[Start of Attachment]

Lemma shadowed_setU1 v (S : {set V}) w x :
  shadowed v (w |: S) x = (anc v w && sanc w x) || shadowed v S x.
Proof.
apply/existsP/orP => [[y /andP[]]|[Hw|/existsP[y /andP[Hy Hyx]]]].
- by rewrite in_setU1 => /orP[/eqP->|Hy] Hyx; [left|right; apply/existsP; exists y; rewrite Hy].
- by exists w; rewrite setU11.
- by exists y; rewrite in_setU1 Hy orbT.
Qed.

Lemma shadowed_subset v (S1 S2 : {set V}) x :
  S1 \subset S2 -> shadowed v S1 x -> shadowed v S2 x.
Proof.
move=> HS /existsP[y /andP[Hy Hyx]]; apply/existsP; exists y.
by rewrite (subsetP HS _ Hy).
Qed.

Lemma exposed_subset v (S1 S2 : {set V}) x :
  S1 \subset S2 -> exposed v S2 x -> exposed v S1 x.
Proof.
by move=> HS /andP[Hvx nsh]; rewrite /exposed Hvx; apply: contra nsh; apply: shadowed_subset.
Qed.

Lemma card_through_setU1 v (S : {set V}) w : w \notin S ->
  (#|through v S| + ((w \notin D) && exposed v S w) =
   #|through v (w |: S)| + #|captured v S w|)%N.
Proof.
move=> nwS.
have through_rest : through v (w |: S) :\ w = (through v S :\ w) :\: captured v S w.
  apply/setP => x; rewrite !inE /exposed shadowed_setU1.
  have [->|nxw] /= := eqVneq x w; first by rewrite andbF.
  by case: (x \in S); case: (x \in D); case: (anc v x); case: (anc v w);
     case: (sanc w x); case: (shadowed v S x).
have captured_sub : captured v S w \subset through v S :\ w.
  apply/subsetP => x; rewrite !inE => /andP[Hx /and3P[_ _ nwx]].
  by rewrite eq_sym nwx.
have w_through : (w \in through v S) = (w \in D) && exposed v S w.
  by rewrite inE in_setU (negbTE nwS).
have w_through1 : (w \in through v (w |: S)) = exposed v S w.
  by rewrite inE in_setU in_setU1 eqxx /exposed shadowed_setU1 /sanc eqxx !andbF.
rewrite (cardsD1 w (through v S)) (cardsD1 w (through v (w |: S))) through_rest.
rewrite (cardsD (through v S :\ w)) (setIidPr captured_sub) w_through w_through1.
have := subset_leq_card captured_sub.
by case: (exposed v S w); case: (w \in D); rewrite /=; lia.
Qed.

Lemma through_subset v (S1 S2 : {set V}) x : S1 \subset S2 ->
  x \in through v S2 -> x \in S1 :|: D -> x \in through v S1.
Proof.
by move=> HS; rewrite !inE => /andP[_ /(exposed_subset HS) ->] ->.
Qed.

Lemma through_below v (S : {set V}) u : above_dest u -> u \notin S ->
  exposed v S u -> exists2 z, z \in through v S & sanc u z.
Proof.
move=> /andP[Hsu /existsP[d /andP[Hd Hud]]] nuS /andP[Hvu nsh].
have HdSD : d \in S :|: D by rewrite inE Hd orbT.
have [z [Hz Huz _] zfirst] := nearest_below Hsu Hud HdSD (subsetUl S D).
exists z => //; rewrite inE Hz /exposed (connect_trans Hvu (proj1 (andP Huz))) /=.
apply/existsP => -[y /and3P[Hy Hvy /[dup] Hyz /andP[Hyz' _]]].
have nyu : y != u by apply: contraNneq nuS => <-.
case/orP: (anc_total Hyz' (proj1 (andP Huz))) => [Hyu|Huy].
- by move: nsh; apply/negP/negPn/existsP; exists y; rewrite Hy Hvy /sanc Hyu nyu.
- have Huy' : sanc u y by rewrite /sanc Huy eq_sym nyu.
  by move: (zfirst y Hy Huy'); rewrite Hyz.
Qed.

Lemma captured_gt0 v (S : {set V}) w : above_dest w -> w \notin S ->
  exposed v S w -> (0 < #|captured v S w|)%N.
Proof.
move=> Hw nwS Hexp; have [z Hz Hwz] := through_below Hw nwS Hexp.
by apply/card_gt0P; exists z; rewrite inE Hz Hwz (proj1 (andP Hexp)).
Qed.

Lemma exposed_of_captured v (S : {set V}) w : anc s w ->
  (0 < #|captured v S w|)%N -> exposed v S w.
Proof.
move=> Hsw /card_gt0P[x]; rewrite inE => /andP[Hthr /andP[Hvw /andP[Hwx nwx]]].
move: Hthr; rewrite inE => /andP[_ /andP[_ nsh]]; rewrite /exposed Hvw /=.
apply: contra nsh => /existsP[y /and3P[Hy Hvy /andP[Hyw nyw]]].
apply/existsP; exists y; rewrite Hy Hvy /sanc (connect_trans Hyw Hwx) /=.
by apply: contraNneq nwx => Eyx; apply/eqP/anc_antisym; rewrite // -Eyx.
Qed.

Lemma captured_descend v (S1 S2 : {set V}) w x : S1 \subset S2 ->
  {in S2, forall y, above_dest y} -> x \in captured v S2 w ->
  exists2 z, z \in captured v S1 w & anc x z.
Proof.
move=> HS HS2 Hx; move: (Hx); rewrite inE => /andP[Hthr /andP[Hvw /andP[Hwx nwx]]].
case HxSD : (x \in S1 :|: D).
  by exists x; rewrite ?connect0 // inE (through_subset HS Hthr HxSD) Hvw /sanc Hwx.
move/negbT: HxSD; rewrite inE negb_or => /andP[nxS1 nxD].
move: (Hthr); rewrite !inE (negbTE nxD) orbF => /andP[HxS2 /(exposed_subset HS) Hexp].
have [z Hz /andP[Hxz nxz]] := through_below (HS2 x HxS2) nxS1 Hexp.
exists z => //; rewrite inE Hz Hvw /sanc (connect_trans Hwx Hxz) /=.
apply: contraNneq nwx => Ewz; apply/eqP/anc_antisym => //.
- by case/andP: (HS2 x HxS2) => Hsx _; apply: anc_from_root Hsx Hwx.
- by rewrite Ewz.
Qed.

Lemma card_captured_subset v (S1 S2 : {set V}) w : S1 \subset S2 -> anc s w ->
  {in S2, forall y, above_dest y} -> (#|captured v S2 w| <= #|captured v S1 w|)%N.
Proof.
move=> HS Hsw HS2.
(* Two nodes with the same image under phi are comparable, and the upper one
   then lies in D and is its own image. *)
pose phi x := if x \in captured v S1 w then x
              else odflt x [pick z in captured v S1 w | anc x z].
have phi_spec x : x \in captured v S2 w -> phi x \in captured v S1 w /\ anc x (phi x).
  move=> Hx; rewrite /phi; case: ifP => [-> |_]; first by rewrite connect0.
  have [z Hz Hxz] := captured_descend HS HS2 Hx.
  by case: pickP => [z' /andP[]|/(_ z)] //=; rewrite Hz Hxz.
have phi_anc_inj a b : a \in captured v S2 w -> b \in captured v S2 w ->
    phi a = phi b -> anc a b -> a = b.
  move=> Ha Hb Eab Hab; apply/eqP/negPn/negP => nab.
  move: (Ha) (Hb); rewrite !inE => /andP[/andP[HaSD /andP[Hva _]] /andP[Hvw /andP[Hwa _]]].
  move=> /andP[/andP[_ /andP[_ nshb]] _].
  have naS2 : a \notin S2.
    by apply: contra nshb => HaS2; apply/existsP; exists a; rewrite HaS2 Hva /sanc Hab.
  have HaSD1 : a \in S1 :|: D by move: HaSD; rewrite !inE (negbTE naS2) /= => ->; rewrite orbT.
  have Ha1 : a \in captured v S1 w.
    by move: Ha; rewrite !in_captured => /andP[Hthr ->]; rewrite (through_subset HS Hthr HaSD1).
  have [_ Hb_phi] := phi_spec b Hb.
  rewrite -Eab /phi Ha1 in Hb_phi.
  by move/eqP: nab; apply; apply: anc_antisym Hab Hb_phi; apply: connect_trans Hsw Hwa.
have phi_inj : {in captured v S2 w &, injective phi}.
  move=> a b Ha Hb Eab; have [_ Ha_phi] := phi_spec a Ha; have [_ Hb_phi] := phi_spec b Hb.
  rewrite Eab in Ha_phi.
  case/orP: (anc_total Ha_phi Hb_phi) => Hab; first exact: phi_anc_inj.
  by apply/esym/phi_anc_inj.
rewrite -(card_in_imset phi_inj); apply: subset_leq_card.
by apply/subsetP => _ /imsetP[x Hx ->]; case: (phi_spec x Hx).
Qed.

[End of Attachment]
[Start of Attachment]

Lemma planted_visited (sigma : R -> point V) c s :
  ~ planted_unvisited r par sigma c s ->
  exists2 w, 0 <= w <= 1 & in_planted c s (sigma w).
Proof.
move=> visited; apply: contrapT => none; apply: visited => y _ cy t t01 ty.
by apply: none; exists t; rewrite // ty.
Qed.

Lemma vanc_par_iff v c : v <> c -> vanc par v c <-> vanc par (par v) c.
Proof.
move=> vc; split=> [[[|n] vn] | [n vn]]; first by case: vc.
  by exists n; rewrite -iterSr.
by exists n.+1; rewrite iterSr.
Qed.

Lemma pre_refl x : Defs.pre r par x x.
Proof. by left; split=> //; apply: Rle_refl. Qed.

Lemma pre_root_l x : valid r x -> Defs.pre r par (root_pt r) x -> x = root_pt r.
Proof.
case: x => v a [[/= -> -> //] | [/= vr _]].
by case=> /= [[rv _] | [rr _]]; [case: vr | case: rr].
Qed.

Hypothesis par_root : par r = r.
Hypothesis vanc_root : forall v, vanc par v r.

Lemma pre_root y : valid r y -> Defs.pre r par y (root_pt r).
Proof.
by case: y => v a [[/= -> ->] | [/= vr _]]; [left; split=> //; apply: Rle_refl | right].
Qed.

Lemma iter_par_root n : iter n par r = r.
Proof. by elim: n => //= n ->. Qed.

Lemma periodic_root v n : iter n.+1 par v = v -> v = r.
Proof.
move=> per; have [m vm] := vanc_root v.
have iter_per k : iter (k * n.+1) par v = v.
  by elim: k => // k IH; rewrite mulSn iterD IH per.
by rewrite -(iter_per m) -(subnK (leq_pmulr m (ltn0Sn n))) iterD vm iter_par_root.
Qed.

[End of Attachment]

### EXERCISE GOAL
Would you please copy exactly the part of the entries above that begins at the line containing "rewrite (cardsD1 w" and ends at the line containing "by move=> HS;", both lines included?

### EXPECTED OUTPUT
rewrite (cardsD1 w (through v S)) (cardsD1 w (through v (w |: S))) through_rest.
rewrite (cardsD (through v S :\ w)) (setIidPr captured_sub) w_through w_through1.
have := subset_leq_card captured_sub.
by case: (exposed v S w); case: (w \in D); rewrite /=; lia.
Qed.

Lemma through_subset v (S1 S2 : {set V}) x : S1 \subset S2 ->
  x \in through v S2 -> x \in S1 :|: D -> x \in through v S1.
Proof.
by move=> HS; rewrite !inE => /andP[_ /(exposed_subset HS) ->] ->.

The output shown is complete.